=== Problem description ===
Every line of the entries below from the one containing "Definition density n" to the one containing "Definition ampl d", both ends included, must be written out exactly. No other line belongs in the answer.

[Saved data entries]
■ ■ ■ ■ ■

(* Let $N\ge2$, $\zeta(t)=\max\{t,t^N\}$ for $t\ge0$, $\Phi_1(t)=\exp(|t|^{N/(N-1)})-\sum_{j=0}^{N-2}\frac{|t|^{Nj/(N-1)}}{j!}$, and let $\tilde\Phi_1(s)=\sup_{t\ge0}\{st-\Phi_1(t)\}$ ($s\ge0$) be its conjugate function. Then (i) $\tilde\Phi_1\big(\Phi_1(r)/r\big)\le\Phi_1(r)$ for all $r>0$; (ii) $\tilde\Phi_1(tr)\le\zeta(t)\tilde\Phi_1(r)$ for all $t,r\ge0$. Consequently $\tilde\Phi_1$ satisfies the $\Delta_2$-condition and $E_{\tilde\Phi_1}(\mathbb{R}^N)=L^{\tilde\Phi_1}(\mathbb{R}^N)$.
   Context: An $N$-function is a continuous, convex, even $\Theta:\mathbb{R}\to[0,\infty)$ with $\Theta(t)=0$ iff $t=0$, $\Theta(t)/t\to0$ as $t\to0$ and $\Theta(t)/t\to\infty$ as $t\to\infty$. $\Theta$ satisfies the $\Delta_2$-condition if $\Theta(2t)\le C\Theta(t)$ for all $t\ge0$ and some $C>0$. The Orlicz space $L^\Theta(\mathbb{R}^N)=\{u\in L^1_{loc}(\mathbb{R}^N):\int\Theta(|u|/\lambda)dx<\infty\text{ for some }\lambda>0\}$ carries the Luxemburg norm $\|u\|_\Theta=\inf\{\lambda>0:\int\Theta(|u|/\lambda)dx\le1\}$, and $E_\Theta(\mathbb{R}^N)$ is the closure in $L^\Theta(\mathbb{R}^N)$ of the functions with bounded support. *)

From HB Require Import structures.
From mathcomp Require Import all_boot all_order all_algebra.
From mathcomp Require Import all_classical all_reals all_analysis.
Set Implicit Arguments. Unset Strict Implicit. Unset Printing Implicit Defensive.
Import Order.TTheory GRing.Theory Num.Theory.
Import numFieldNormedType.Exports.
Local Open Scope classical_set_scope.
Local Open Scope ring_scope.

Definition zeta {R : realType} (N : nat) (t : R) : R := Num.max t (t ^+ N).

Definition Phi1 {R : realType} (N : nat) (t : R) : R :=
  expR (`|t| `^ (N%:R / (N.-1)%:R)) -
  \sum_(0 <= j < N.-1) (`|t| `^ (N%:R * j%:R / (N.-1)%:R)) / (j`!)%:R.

■ ■ ■ ■ ■

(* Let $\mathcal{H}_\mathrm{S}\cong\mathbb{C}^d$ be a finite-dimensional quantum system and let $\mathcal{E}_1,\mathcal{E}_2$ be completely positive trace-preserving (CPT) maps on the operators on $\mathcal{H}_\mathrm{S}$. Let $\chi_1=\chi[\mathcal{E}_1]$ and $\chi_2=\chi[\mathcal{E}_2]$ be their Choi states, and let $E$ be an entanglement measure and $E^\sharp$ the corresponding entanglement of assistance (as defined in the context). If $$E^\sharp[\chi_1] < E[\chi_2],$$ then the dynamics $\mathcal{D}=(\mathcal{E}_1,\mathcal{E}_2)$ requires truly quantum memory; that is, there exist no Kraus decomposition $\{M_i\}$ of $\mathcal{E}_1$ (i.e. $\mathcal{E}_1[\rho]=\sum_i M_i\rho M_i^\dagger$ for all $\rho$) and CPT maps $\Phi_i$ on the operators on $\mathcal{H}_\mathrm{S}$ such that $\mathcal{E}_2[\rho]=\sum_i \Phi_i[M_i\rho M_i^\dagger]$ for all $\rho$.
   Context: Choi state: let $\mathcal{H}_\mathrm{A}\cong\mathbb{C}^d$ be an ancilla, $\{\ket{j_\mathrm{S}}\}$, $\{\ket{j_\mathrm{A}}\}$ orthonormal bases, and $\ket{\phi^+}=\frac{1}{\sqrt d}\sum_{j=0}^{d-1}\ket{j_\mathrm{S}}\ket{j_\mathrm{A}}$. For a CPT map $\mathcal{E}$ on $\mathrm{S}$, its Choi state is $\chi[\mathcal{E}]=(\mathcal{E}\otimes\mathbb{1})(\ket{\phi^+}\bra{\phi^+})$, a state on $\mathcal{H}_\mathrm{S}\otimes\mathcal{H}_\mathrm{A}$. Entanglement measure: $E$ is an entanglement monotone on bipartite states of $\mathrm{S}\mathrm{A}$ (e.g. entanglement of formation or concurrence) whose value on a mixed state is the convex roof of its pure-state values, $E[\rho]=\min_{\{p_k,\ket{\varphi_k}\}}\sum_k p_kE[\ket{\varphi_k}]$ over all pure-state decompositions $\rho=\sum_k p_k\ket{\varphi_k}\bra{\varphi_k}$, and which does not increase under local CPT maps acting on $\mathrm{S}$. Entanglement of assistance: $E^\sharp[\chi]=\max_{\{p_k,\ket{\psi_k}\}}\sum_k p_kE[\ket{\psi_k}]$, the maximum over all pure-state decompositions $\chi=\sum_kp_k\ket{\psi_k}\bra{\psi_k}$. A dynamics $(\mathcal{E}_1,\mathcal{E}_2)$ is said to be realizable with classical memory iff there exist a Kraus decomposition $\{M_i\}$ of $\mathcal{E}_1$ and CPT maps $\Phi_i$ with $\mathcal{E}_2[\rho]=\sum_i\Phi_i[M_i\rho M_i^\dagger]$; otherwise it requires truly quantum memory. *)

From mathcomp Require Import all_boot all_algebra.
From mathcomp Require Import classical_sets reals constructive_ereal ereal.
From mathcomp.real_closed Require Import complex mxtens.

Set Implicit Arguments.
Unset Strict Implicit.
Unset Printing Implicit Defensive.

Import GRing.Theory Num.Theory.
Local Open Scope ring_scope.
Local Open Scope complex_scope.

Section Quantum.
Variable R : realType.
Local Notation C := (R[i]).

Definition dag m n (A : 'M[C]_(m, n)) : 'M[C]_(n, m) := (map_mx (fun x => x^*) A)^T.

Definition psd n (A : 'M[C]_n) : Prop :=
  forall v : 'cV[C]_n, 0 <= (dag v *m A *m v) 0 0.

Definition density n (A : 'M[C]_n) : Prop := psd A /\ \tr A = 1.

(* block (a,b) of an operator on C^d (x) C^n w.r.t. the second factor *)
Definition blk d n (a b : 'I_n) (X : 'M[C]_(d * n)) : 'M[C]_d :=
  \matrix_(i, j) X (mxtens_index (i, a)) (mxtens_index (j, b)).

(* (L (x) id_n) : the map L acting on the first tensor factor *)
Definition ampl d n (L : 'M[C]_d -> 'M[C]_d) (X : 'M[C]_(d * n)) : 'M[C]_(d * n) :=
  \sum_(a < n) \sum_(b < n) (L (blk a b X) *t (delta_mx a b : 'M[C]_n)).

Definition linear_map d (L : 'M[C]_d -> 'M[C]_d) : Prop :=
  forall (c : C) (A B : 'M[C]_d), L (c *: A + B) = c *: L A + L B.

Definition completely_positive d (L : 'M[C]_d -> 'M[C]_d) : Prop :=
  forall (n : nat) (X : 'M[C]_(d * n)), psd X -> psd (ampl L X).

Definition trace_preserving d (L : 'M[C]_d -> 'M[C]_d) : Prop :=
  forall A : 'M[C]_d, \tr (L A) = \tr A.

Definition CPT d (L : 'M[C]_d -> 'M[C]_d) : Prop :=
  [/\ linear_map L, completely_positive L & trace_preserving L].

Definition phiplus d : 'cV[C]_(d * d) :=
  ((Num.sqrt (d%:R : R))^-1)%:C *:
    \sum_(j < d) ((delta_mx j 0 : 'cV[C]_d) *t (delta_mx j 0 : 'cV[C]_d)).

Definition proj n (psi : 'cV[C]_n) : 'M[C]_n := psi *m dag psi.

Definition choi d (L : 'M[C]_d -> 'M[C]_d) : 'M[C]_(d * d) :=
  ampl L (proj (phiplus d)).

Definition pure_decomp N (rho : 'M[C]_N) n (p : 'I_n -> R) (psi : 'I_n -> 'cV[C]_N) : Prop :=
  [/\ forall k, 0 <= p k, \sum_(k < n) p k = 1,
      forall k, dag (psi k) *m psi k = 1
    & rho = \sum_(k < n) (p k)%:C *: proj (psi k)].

■ ■ ■ ■ ■

=== Your solution ===
Definition density n (A : 'M[C]_n) : Prop := psd A /\ \tr A = 1.

(* block (a,b) of an operator on C^d (x) C^n w.r.t. the second factor *)
Definition blk d n (a b : 'I_n) (X : 'M[C]_(d * n)) : 'M[C]_d :=
  \matrix_(i, j) X (mxtens_index (i, a)) (mxtens_index (j, b)).

(* (L (x) id_n) : the map L acting on the first tensor factor *)
Definition ampl d n (L : 'M[C]_d -> 'M[C]_d) (X : 'M[C]_(d * n)) : 'M[C]_(d * n) :=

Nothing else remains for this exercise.